● **Input material**:

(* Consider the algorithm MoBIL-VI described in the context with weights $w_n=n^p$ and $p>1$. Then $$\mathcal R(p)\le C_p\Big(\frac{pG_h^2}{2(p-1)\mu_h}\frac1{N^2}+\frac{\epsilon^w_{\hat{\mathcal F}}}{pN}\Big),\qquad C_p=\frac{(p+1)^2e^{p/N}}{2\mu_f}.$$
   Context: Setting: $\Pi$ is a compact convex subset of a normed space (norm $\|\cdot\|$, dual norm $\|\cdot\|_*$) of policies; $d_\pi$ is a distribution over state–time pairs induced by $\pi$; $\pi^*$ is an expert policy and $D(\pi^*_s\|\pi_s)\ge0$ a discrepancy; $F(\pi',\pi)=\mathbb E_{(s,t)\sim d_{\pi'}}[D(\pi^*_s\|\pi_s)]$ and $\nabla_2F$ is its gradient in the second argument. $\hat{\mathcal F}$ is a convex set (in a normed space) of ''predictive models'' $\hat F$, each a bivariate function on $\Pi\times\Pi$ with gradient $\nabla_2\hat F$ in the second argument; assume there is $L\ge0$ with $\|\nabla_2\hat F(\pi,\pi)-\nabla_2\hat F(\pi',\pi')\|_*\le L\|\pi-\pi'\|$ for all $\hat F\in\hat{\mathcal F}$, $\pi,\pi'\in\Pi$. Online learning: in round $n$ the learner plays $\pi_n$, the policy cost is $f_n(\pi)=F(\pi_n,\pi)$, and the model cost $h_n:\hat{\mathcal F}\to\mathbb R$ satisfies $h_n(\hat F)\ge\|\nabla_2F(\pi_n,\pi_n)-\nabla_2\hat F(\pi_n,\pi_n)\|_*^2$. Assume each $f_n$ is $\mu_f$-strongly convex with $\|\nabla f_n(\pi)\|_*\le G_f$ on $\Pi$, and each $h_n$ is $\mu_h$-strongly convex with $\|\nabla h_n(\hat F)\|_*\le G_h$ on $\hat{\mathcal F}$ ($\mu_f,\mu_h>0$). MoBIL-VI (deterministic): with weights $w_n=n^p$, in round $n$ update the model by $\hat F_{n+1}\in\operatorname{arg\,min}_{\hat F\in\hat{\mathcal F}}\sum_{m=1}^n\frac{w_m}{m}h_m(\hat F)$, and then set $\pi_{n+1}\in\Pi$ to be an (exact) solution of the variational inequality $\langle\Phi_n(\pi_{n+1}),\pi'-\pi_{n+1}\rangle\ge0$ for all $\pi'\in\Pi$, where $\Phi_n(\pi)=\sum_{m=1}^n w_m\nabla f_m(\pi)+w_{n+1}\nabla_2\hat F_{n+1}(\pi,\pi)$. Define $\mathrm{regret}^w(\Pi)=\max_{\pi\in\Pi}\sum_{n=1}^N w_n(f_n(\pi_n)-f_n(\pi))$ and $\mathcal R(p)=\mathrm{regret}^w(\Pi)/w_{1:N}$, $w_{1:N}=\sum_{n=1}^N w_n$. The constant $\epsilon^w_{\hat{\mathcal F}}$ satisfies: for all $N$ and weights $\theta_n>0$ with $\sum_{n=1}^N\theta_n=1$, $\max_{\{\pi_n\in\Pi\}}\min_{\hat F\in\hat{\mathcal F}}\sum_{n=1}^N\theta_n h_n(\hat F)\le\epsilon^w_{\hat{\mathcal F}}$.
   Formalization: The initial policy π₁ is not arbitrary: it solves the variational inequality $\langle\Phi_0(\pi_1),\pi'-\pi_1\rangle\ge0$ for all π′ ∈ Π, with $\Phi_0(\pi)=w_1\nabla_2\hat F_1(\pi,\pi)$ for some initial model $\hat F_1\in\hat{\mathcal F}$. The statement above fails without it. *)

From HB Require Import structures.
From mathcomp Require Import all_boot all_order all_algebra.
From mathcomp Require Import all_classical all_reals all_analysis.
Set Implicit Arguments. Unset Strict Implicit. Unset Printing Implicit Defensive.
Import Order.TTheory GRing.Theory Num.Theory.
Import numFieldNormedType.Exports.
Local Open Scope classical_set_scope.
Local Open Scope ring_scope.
...
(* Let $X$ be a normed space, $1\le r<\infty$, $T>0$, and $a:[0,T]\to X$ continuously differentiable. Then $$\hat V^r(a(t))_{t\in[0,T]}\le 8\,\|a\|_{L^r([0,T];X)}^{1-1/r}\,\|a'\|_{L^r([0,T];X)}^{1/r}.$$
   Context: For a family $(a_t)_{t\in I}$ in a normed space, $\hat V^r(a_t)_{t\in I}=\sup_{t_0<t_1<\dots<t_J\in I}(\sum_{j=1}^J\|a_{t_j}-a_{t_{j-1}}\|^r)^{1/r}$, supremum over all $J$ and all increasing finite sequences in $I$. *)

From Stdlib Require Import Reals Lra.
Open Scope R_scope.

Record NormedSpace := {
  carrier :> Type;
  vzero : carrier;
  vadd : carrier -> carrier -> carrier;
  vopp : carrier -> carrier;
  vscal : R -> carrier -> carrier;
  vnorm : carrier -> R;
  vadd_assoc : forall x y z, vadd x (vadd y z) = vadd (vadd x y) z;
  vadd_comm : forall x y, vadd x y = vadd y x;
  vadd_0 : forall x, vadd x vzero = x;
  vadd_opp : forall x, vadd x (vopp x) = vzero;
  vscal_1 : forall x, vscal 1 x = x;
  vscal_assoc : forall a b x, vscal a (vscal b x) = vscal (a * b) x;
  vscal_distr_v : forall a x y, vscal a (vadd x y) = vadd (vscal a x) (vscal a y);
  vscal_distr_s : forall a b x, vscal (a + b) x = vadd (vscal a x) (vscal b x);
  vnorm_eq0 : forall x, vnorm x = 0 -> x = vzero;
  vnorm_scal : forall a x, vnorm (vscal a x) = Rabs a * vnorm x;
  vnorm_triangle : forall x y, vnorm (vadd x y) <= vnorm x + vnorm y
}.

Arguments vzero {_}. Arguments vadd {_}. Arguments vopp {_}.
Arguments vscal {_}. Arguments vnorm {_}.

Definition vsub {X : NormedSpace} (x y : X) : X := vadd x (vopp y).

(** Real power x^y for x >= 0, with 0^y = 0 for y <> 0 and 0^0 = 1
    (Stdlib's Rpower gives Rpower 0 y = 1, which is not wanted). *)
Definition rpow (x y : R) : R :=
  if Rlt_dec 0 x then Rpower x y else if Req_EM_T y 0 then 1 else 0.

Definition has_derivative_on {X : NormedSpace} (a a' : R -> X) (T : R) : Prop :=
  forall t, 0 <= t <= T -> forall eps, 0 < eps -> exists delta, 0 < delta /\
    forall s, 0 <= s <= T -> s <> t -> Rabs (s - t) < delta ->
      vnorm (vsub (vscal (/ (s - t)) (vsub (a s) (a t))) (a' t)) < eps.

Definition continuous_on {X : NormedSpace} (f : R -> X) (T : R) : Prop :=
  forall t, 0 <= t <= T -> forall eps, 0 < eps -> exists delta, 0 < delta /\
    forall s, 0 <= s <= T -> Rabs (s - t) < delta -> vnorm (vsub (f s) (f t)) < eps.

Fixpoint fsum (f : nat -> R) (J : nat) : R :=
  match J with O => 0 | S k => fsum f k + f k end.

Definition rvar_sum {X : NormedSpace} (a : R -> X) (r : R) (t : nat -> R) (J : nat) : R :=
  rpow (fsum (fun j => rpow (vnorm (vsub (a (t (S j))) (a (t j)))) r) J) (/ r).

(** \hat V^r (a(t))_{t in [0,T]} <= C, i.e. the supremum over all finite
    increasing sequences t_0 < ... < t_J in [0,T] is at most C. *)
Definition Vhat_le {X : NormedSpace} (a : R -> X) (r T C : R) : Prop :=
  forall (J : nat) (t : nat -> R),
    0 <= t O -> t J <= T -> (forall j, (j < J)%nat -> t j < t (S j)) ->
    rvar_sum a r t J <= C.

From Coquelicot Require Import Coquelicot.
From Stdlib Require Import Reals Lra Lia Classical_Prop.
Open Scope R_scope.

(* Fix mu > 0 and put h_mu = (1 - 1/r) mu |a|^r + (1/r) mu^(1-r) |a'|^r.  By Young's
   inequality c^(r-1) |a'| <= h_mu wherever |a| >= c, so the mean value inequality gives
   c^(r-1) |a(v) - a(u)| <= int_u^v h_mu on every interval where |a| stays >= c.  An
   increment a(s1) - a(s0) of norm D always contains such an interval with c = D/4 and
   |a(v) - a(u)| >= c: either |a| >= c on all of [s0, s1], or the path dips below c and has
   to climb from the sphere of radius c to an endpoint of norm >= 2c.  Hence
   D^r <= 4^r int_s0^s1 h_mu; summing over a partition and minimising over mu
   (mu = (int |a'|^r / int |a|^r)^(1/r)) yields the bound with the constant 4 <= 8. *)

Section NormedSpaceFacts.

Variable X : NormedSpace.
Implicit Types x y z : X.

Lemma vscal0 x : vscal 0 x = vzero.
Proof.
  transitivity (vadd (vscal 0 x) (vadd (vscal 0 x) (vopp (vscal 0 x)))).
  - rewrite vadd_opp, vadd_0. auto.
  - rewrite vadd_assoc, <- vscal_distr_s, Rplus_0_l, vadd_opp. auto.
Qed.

● **Requirement**:
Scan the data above for the word "fsum". Copy every line in which it is found.

● **The completed task**:
Fixpoint fsum (f : nat -> R) (J : nat) : R :=
  match J with O => 0 | S k => fsum f k + f k end.
  rpow (fsum (fun j => rpow (vnorm (vsub (a (t (S j))) (a (t j)))) r) J) (/ r).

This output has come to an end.